▸ TASK DETAILS
From the following material, work out how many lines include the string "TFun"; respond with the number only.

▸ AVAILABLE DATA
(* Let $\mathbf{L}$ be an intermediate propositional logic and $\mathbf{QL}$ a first-order extension of $\mathbf{L}$ that is preserved under shadow. Then $\varepsilon\tau^+(\mathbf{QL})$ is conservative over $\mathbf{L}$ for propositional formulas: every propositional formula provable in $\varepsilon\tau^+(\mathbf{QL})$ belongs to $\mathbf{L}$.
   Context: An intermediate propositional logic is a set of propositional formulas containing intuitionistic propositional logic, contained in classical propositional logic, closed under modus ponens and substitution. Propositional variables are regarded as 0-ary predicate symbols of the first-order language. $\varepsilon\tau$-terms: for any formula $A(x)$, $\varepsilon x\,A(x)$ and $\tau x\,A(x)$ are terms. Critical formulas: $A(t)\to A(\varepsilon x\,A(x))$ and $A(\tau x\,A(x))\to A(t)$. $\varepsilon\tau^+(\mathbf{QL})$ is the full first-order language (with quantifiers) extended by $\varepsilon\tau$-terms, provability being derivability in $\mathbf{QL}$ (its axioms, modus ponens and quantifier rules) from critical formulas. Shadow: $P(t_1,\dots,t_n)^s=X_P$ (a propositional variable depending only on $P$), $(t_1=t_2)^s=\top$ (a theorem of $\mathbf{L}$), $^s$ commutes with $\land,\lor,\to,\lnot$, and $(\exists x\,A(x))^s=(\forall x\,A(x))^s=A(x)^s$. A first-order extension $\mathbf{QL}$ of $\mathbf{L}$ is preserved under shadow if (1) $\vdash_{\mathbf{L}}A^s$ for every quantifier axiom $A$ of $\mathbf{QL}$, and (2) whenever $A_1,\dots,A_n\vdash_{\mathbf{QL}}B$ is a rule of inference of $\mathbf{QL}$, $A_1^s,\dots,A_n^s\vdash_{\mathbf{L}}B^s$. *)

From Stdlib Require Import List.
Import ListNotations.
Set Implicit Arguments.

Inductive pform : Type :=
| PVar : nat -> pform
| PBot : pform
| PAnd : pform -> pform -> pform
| POr  : pform -> pform -> pform
| PImp : pform -> pform -> pform
| PNot : pform -> pform.

Definition PTop : pform := PImp PBot PBot.

Fixpoint psubst (s : nat -> pform) (A : pform) : pform :=
  match A with
  | PVar n => s n
  | PBot => PBot
  | PAnd A B => PAnd (psubst s A) (psubst s B)
  | POr A B => POr (psubst s A) (psubst s B)
  | PImp A B => PImp (psubst s A) (psubst s B)
  | PNot A => PNot (psubst s A)
  end.

Inductive IPC : pform -> Prop :=
| ipc_K  : forall A B, IPC (PImp A (PImp B A))
| ipc_S  : forall A B C,
    IPC (PImp (PImp A (PImp B C)) (PImp (PImp A B) (PImp A C)))
| ipc_andI : forall A B, IPC (PImp A (PImp B (PAnd A B)))
| ipc_andE1 : forall A B, IPC (PImp (PAnd A B) A)
| ipc_andE2 : forall A B, IPC (PImp (PAnd A B) B)
| ipc_orI1 : forall A B, IPC (PImp A (POr A B))
| ipc_orI2 : forall A B, IPC (PImp B (POr A B))
| ipc_orE : forall A B C,
    IPC (PImp (PImp A C) (PImp (PImp B C) (PImp (POr A B) C)))
| ipc_efq : forall A, IPC (PImp PBot A)
| ipc_notE : forall A, IPC (PImp (PNot A) (PImp A PBot))
| ipc_notI : forall A, IPC (PImp (PImp A PBot) (PNot A))
| ipc_mp : forall A B, IPC (PImp A B) -> IPC A -> IPC B.

Fixpoint peval (v : nat -> bool) (A : pform) : bool :=
  match A with
  | PVar n => v n
  | PBot => false
  | PAnd A B => andb (peval v A) (peval v B)
  | POr A B => orb (peval v A) (peval v B)
  | PImp A B => implb (peval v A) (peval v B)
  | PNot A => negb (peval v A)
  end.

Definition CPC (A : pform) : Prop := forall v, peval v A = true.

Definition intermediate_logic (L : pform -> Prop) : Prop :=
  (forall A, IPC A -> L A) /\
  (forall A, L A -> CPC A) /\
  (forall A B, L (PImp A B) -> L A -> L B) /\
  (forall s A, L A -> L (psubst s A)).

Inductive LDeriv (L : pform -> Prop) (Gamma : list pform) : pform -> Prop :=
| ld_thm : forall A, L A -> LDeriv L Gamma A
| ld_hyp : forall A, In A Gamma -> LDeriv L Gamma A
| ld_mp  : forall A B, LDeriv L Gamma (PImp A B) -> LDeriv L Gamma A ->
           LDeriv L Gamma B.

(* de Bruijn indices: TEps A / TTau A / FAll A / FEx A bind variable 0 of A.
   Function and predicate symbols are named by nat; propositional variables
   are the 0-ary predicate symbols (FPred n []). *)
Inductive term : Type :=
| TVar : nat -> term
| TFun : nat -> list term -> term
| TEps : form -> term
| TTau : form -> term
with form : Type :=
| FPred : nat -> list term -> form
| FEq : term -> term -> form
| FBot : form
| FAnd : form -> form -> form
| FOr  : form -> form -> form
| FImp : form -> form -> form
| FNot : form -> form
| FAll : form -> form
| FEx  : form -> form.

Definition upren (r : nat -> nat) (n : nat) : nat :=
  match n with 0 => 0 | S k => S (r k) end.

Fixpoint rename_term (r : nat -> nat) (t : term) : term :=
  match t with
  | TVar n => TVar (r n)
  | TFun f ts => TFun f (map (rename_term r) ts)
  | TEps A => TEps (rename_form (upren r) A)
  | TTau A => TTau (rename_form (upren r) A)
  end
with rename_form (r : nat -> nat) (A : form) : form :=
  match A with
  | FPred P ts => FPred P (map (rename_term r) ts)
  | FEq t u => FEq (rename_term r t) (rename_term r u)
  | FBot => FBot
  | FAnd A B => FAnd (rename_form r A) (rename_form r B)
  | FOr A B => FOr (rename_form r A) (rename_form r B)
  | FImp A B => FImp (rename_form r A) (rename_form r B)
  | FNot A => FNot (rename_form r A)
  | FAll A => FAll (rename_form (upren r) A)
  | FEx A => FEx (rename_form (upren r) A)
  end.

Definition upsub (s : nat -> term) (n : nat) : term :=
  match n with 0 => TVar 0 | S k => rename_term S (s k) end.

Fixpoint subst_term (s : nat -> term) (t : term) : term :=
  match t with
  | TVar n => s n
  | TFun f ts => TFun f (map (subst_term s) ts)
  | TEps A => TEps (subst_form (upsub s) A)
  | TTau A => TTau (subst_form (upsub s) A)
  end
with subst_form (s : nat -> term) (A : form) : form :=
  match A with
  | FPred P ts => FPred P (map (subst_term s) ts)
  | FEq t u => FEq (subst_term s t) (subst_term s u)
  | FBot => FBot
  | FAnd A B => FAnd (subst_form s A) (subst_form s B)
  | FOr A B => FOr (subst_form s A) (subst_form s B)
  | FImp A B => FImp (subst_form s A) (subst_form s B)
  | FNot A => FNot (subst_form s A)
  | FAll A => FAll (subst_form (upsub s) A)
  | FEx A => FEx (subst_form (upsub s) A)
  end.

Definition inst (A : form) (t : term) : form :=
  subst_form (fun n => match n with 0 => t | S k => TVar k end) A.

Inductive critical : form -> Prop :=
| crit_eps : forall A t, critical (FImp (inst A t) (inst A (TEps A)))
| crit_tau : forall A t, critical (FImp (inst A (TTau A)) (inst A t)).

Fixpoint embed (A : pform) : form :=
  match A with
  | PVar n => FPred n []
  | PBot => FBot
  | PAnd A B => FAnd (embed A) (embed B)
  | POr A B => FOr (embed A) (embed B)
  | PImp A B => FImp (embed A) (embed B)
  | PNot A => FNot (embed A)
  end.

Fixpoint finst (s : nat -> form) (A : pform) : form :=
  match A with
  | PVar n => s n
  | PBot => FBot
  | PAnd A B => FAnd (finst s A) (finst s B)
  | POr A B => FOr (finst s A) (finst s B)
  | PImp A B => FImp (finst s A) (finst s B)
  | PNot A => FNot (finst s A)
  end.

Fixpoint shadow (A : form) : pform :=
  match A with
  | FPred P _ => PVar P
  | FEq _ _ => PTop
  | FBot => PBot
  | FAnd A B => PAnd (shadow A) (shadow B)
  | FOr A B => POr (shadow A) (shadow B)
  | FImp A B => PImp (shadow A) (shadow B)
  | FNot A => PNot (shadow A)
  | FAll A => shadow A
  | FEx A => shadow A
  end.

(* A first-order extension QL of L is given by its quantifier axioms QAx and
   its (further) rules of inference QRule (premises, conclusion), stated over
   the full first-order language extended with epsilon-tau terms; besides
   these, QL has all first-order substitution instances of theorems of L as
   axioms and modus ponens as a rule. *)
Definition preserved_under_shadow (L : pform -> Prop)
  (QAx : form -> Prop) (QRule : list form -> form -> Prop) : Prop :=
  (forall A, QAx A -> L (shadow A)) /\
  (forall prem B, QRule prem B -> LDeriv L (map shadow prem) (shadow B)).

(* Provability in epsilon-tau^+(QL): derivability in QL from critical formulas *)
Inductive ETProv (L : pform -> Prop) (QAx : form -> Prop)
    (QRule : list form -> form -> Prop) : form -> Prop :=
| et_prop : forall (A : pform) (s : nat -> form), L A -> ETProv L QAx QRule (finst s A)
| et_qax  : forall A, QAx A -> ETProv L QAx QRule A
| et_crit : forall A, critical A -> ETProv L QAx QRule A
| et_mp   : forall A B, ETProv L QAx QRule (FImp A B) -> ETProv L QAx QRule A ->
            ETProv L QAx QRule B
| et_rule : forall prem B, QRule prem B ->
            (forall A, In A prem -> ETProv L QAx QRule A) ->
            ETProv L QAx QRule B.

(** Shadow maps every derivation of epsilon-tau^+(QL) to a derivation in L.
    Since the shadow forgets all terms and quantifiers, it commutes with term
    substitution; hence both kinds of critical formula have shadow [X -> X],
    substitution instances of theorems of L have as shadows propositional
    substitution instances of those theorems, and the quantifier axioms and
    rules are handled by preservation under shadow.  Finally the shadow of a
    propositional formula is the formula itself. *)

From Stdlib Require Import List.

Lemma shadow_subst_form (s : nat -> term) (A : form) :
  shadow (subst_form s A) = shadow A.
Proof. revert s; induction A; intros s; simpl; congruence. Qed.

Lemma shadow_inst (A : form) (t : term) : shadow (inst A t) = shadow A.
Proof. apply shadow_subst_form. Qed.

Lemma shadow_finst (s : nat -> form) (A : pform) :
  shadow (finst s A) = psubst (fun n => shadow (s n)) A.
Proof. induction A; simpl; congruence. Qed.

Lemma shadow_embed (A : pform) : shadow (embed A) = A.
Proof. induction A; simpl; congruence. Qed.

Lemma IPC_imp_refl (X : pform) : IPC (PImp X X).
Proof.
  apply (ipc_mp (ipc_mp (ipc_S X (PImp X X) X) (ipc_K X (PImp X X)))).
  apply ipc_K.
Qed.

Lemma shadow_critical (A : form) : critical A -> IPC (shadow A).
Proof.
  intros [B t | B t]; simpl; rewrite !shadow_inst; apply IPC_imp_refl.
Qed.

Section ShadowSoundness.

Variable L : pform -> Prop.
Hypothesis L_IPC : forall A, IPC A -> L A.
Hypothesis L_mp : forall A B, L (PImp A B) -> L A -> L B.
Hypothesis L_psubst : forall s A, L A -> L (psubst s A).

Lemma LDeriv_sound (Gamma : list pform) (B : pform) :
  LDeriv L Gamma B -> (forall A, In A Gamma -> L A) -> L B.
Proof. intros HB HGamma; induction HB; eauto. Qed.

Variables (QAx : form -> Prop) (QRule : list form -> form -> Prop).
Hypothesis shadow_preserved : preserved_under_shadow L QAx QRule.

(* A Fixpoint rather than [induction]: the premises of [et_rule] occur under
   [In], so the generated induction principle gives no hypothesis for them. *)
Fixpoint ETProv_shadow (B : form) (HB : ETProv L QAx QRule B) {struct HB} :
  L (shadow B).
Proof.
  destruct HB as [A s HA | A HA | A HA | A B HAB HA | prem B Hrule Hprem].
  - rewrite shadow_finst; apply L_psubst, HA.
  - apply (proj1 shadow_preserved), HA.
  - apply L_IPC, shadow_critical, HA.
  - exact (L_mp _ _ (ETProv_shadow _ HAB) (ETProv_shadow _ HA)).
  - eapply LDeriv_sound; [exact (proj2 shadow_preserved _ _ Hrule) |].
    intros A HA; apply in_map_iff in HA; destruct HA as [C [<- HC]].
    exact (ETProv_shadow C (Hprem C HC)).
Qed.

End ShadowSoundness.

Theorem mainTheorem2 (L : pform -> Prop) (QAx : form -> Prop)
  (QRule : list form -> form -> Prop) :
  intermediate_logic L ->
  preserved_under_shadow L QAx QRule ->
  forall A : pform, ETProv L QAx QRule (embed A) -> L A.
Proof.
  intros [L_IPC [_ [L_mp L_psubst]]] Hshadow A HA.
  rewrite <- shadow_embed.
  exact (ETProv_shadow L L_IPC L_mp L_psubst QAx QRule Hshadow _ HA).
Qed.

▸ TASK RESPONSE
3